By Margaret Nongo-Okojokwu,

Marathon Oil has reported second quarter 2018 net income of $96 million, or $0.11 per diluted share, which includes the impact of certain items not typically represented in analysts’ earnings estimates and that would otherwise affect comparability of results. Adjusted net income was $126 million, or $0.15 per diluted share. Net operating cash flow was $767 million, or $849 million before changes in working capital.
Highlights
Total production averaged 419,000 net boed; U.S. production averaged 298,000 net boed, both up 5% (ex-Libya) compared to the prior quarter U.S. resource plays averaged 285,000 net boed, up 6% compared to the prior quarter with all four basins growing sequentially Eagle Ford production increased to 106,000 net boed, up 2% sequentially; 39 wells to sales had an average 30-day initial production (IP) rate of 1,880 boed (66% oil)
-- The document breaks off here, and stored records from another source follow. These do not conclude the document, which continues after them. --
Lemma ruin_prob_le_S d a M : ruin_prob d a M <= ruin_prob d a (S M).
Proof.
  revert a; induction M as [|M IH]; intros a.
  - rewrite ruin_prob_0; apply ruin_prob_bounds.
  - rewrite (ruin_prob_S d a (S M)), (ruin_prob_S d a M).
    pose proof (IH (a + d - 1)%nat); destruct a as [|a]; [|pose proof (IH a)]; lra.
Qed.

Lemma ruin_prob_anti d d' a M : (d <= d')%nat -> ruin_prob d' a M <= ruin_prob d a M.
Proof. intros hd; apply prob_le_compat; intros l; apply ruined_anti; lia. Qed.

Section RuinBounds.

Variables (d : nat) (r : R).
Hypotheses (hd : (1 <= d)%nat) (hr : 0 <= r) (hroot : r ^ d + 3 = 4 * r).

Lemma ruin_prob_le_root M a : ruin_prob d a M <= r ^ S a.
Proof.
  revert a; induction M as [|M IH]; intros a.
  - rewrite ruin_prob_0; apply pow_le, hr.
  - rewrite ruin_prob_S; pose proof (IH (a + d - 1)%nat) as hup.
    replace (S (a + d - 1)) with (a + d)%nat in hup by lia; rewrite pow_add in hup.
    destruct a as [|a]; simpl pow in *; [lra|].
    pose proof (IH a); nra.
Qed.

Lemma ruin_prob_ge_root rho phi :
  r <= rho -> 0 <= phi -> rho ^ d + 3 = 4 * rho * phi ->
  forall M a, r ^ S a - rho ^ S a * phi ^ M <= ruin_prob d a M.
Proof.
  intros hrho hphi hcontr M; induction M as [|M IH]; intros a.
  - rewrite ruin_prob_0; simpl (phi ^ 0).
    pose proof (pow_incr r rho (S a) (conj hr hrho)); lra.
  - rewrite ruin_prob_S; pose proof (IH (a + d - 1)%nat) as hlow.
    replace (S (a + d - 1)) with (a + d)%nat in hlow by lia; rewrite !pow_add in hlow.
    pose proof (pow_le phi M hphi).
    destruct a as [|a]; simpl pow in *.
    + nra.
    + pose proof (IH a); nra.
Qed.

Lemma is_lim_ruin_prob_root rho :
  r <= rho -> rho ^ d + 3 < 4 * rho -> is_lim_seq (ruin_prob d 0) r.
Proof.
  intros hrho hneg.
  pose proof (pow_le rho d ltac:(lra)).
  set (phi := (rho ^ d + 3) / (4 * rho)).
  assert (hphi : 0 < phi < 1).
  { unfold phi; split; [apply Rdiv_lt_0_compat; lra|].
    apply Rlt_div_l; lra. }
  assert (hcontr : rho ^ d + 3 = 4 * rho * phi) by (unfold phi; field; lra).
  apply (is_lim_seq_le_le (fun M => r - rho * phi ^ M) _ (fun _ => r)).
  - intros M; split.
    + pose proof (ruin_prob_ge_root rho phi hrho ltac:(lra) hcontr M 0); simpl pow in *; lra.
    + pose proof (ruin_prob_le_root M 0); simpl pow in *; lra.
  - replace (Finite r) with (Finite (r - rho * 0)) by (f_equal; ring).
    apply is_lim_seq_minus'; [apply is_lim_seq_const|].
    apply is_lim_seq_mult'; [apply is_lim_seq_const | apply is_lim_seq_geom].
    rewrite Rabs_right; lra.
  - apply is_lim_seq_const.
Qed.

End RuinBounds.

Lemma is_lim_ruin_prob_gt4 d r :
  (4 < d)%nat -> 0 < r < 1 -> geom_sum d r = 4 -> is_lim_seq (ruin_prob d 0) r.
Proof.
  intros hd hr hroot.
  pose proof (trinomial_root d r hroot) as hroot0.
  pose proof (trinomial_neg_above_root d r hd hr hroot ((r + 1) / 2) ltac:(lra)) as hneg.
  unfold trinomial in hroot0, hneg.
  apply (is_lim_ruin_prob_root d r ltac:(lia) ltac:(lra) ltac:(lra) ((r + 1) / 2)); lra.
Qed.

Lemma INR_mul_bounded_nonpos c B : (forall n, INR n * c <= B) -> c <= 0.
Proof.
  intros hb; apply Rnot_lt_le; intros hc.
  destruct (INR_archimed c B hc) as [n hn]; specialize (hb n); lra.
Qed.

Lemma bounded_rec2_zero (D : nat -> R) B :
  (forall n, Rabs (D n) <= B) -> (forall n, D (S (S n)) + 2 * D (S n) + 3 * D n = 0) ->
  forall n, D n = 0.
Proof.
  intros hb hrec n.
  (* Q is positive definite and tripled at each step: the roots of x^2 + 2x + 3 have modulus
     sqrt 3. *)
  set (Q k := (D (S k) + D k) ^ 2 + 2 * D k ^ 2).
  assert (hQ : forall k, Q (S k) = 3 * Q k).
  { intros k; unfold Q.
    replace (D (S (S k))) with (- 2 * D (S k) - 3 * D k) by (pose proof (hrec k); lra); ring. }
  assert (hQb : forall k, Q k <= 6 * B ^ 2).
  { intros k; unfold Q.
    pose proof (proj1 (Rabs_le_between _ _) (hb k));
      pose proof (proj1 (Rabs_le_between _ _) (hb (S k))); nra. }
  assert (hQn : forall k, INR k * Q n <= 6 * B ^ 2).
  { intros k; assert (hpow : Q (k + n)%nat = 3 ^ k * Q n).
    { induction k as [|k IH]; simpl; [ring | rewrite hQ, IH; ring]. }
    pose proof (Rle_pow_lin 2 k ltac:(lra)); replace (1 + 2) with 3 in * by ring.
    assert (0 <= Q n) by (unfold Q; nra).
    specialize (hQb (k + n)%nat); nra. }
  pose proof (INR_mul_bounded_nonpos _ _ hQn); unfold Q in *.
  pose proof (pow2_ge_0 (D (S n) + D n)); pose proof (pow2_ge_0 (D n)).
  destruct (Req_dec (D n) 0) as [|hnz]; [assumption|].
  pose proof (pow_nonzero _ 2 hnz); lra.
Qed.

Lemma bounded_rec4_first_integral (G : nat -> R) B :
  (forall n, Rabs (G n) <= B) ->
  (forall n, G (S (S (S (S n)))) = 4 * G (S n) - 3 * G n) ->
  forall n, G (S (S (S n))) + G (S (S n)) + G (S n) - 3 * G n = 0.
Proof.
  intros hb hrec.
  (* x^4 - 4x + 3 = (x - 1) (x^3 + x^2 + x - 3): E is invariant, and W grows by E at each
     step. *)
  set (E n := G (S (S (S n))) + G (S (S n)) + G (S n) - 3 * G n).
  assert (hE : forall n, E n = E 0%nat).
  { induction n as [|n IH]; [reflexivity|]. rewrite <- IH; unfold E; rewrite hrec; ring. }
  set (W n := 3 * G n + 2 * G (S n) + G (S (S n))).
  assert (hW : forall n, W n = W 0%nat + INR n * E 0%nat).
  { induction n as [|n IH]; [simpl; ring|].
    replace (W (S n)) with (W n + E n) by (unfold W, E; ring).
    rewrite IH, (hE n), S_INR; ring. }
  assert (hWb : forall n, W n <= 6 * B /\ - (6 * B) <= W n).
  { intros n; unfold W.
    pose proof (proj1 (Rabs_le_between _ _) (hb n));
      pose proof (proj1 (Rabs_le_between _ _) (hb (S n)));
      pose proof (proj1 (Rabs_le_between _ _) (hb (S (S n)))); lra. }
  assert (hup : E 0%nat <= 0).
  { apply (INR_mul_bounded_nonpos _ (12 * B)); intros n.
    pose proof (hWb n); pose proof (hWb 0%nat); pose proof (hW n); lra. }
  assert (hlow : - E 0%nat <= 0).
  { apply (INR_mul_bounded_nonpos _ (12 * B)); intros n.
    pose proof (hWb n); pose proof (hWb 0%nat); pose proof (hW n); lra. }
  intros n; change (E n = 0); rewrite hE; lra.
Qed.

Lemma bounded_rec4_const (G : nat -> R) B :
  (forall n, Rabs (G n) <= B) ->
  (forall n, G (S (S (S (S n)))) = 4 * G (S n) - 3 * G n) ->
  forall n, G (S n) = G n.
Proof.
  intros hb hrec n.
  enough (G (S n) - G n = 0) by lra.
  apply (bounded_rec2_zero (fun k => G (S k) - G k) (2 * B)).
  - intros k; eapply Rle_trans; [apply Rabs_triang|]; rewrite Rabs_Ropp.
    pose proof (hb k); pose proof (hb (S k)); lra.
  - intros k; pose proof (bounded_rec4_first_integral G B hb hrec k); lra.
Qed.

Definition ruin_lim (d a : nat) : R := real (Lim_seq (ruin_prob d a)).

Lemma is_lim_ruin_prob d a : is_lim_seq (ruin_prob d a) (ruin_lim d a).
Proof.
  apply Lim_seq_correct', (ex_finite_lim_seq_incr _ 1).
  - apply ruin_prob_le_S.
  - intros M; apply ruin_prob_bounds.
Qed.

Lemma ruin_lim_bounds d a : 0 <= ruin_lim d a <= 1.
Proof.
  split.
  - change (Rbar_le 0 (ruin_lim d a)).
    apply (is_lim_seq_le (fun _ => 0) (ruin_prob d a));
      [intros; apply ruin_prob_bounds | apply is_lim_seq_const | apply is_lim_ruin_prob].
  - change (Rbar_le (ruin_lim d a) 1).
    apply (is_lim_seq_le (ruin_prob d a) (fun _ => 1));
      [intros; apply ruin_prob_bounds | apply is_lim_ruin_prob | apply is_lim_seq_const].
Qed.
Bakken production averaged 82,000 net boed, up 11% sequentially, with oil production up 14%; 21 wells to sales averaged a 30-day IP rate of 2,700 boed (77% oil); Winona and Mamie wells in West Myrmidon set new basin Three Forks records on 30-day IP oil rate; three new Elk Creek wells averaged a 30-day IP rate of 2,530 boed (72% oil) Oklahoma production averaged 80,000 net boed, up 7% sequentially; four-well Lightner SCOOP Woodford infill pad delivered an average 30-day IP rate of 2,620 boed (48% oil) on equivalent eight-well per section spacing Northern Delaware production averaged 17,000 net boed; six new wells from the Cypress infill pilot averaged 1,235 boed IP 30 (52% oil) and the three-well Fiddle Fee pad averaged 1,745 boed IP 30 (66% oil); executed agreement for water gathering and disposal in Eddy County
In July, closed on the sale of three non-core, non-operated conventional assets in the U.S., including two in the Gulf of Mexico, further concentrating and simplifying the portfolio Raised both 2018 total Company oil and boe production guidance and 2018 resource play oil and boe production guidance, with no change to 2018 development capital budget
‘Another quarter of outstanding operational execution across our multi-basin U.S. portfolio has driven better than expected production in the resource plays, and has enabled us to raise our annual resource play production guidance for the second consecutive quarter with no increase to our development capital budget. Our Eagle Ford and Bakken asset teams continue to set the standard for performance in their respective basins, while our Oklahoma and Northern Delaware assets progress important multi-well infill tests,’ said Marathon Oil president and CEO Lee Tillman. ‘Additionally, we continue to benefit from about half of our oil production for the quarter being linked to LLS or Brent, and the flexibility afforded by our differentiated position in the four best U.S. unconventional plays.
In the second half of the year, we plan to drill our first exploration well in the emerging Louisiana Austin Chalk play as we continue our pursuit of low entry cost opportunities to enhance full-cycle returns. Our focus remains on execution and capital discipline, and we generated more than $250 million in organic free cash flow in the second quarter. We remain on track to deliver a strong rate of change in our key financial performance metrics highlighted by an expected annual increase of more than 70 percent in corporate cash return on invested capital (CROIC) at current strip prices.’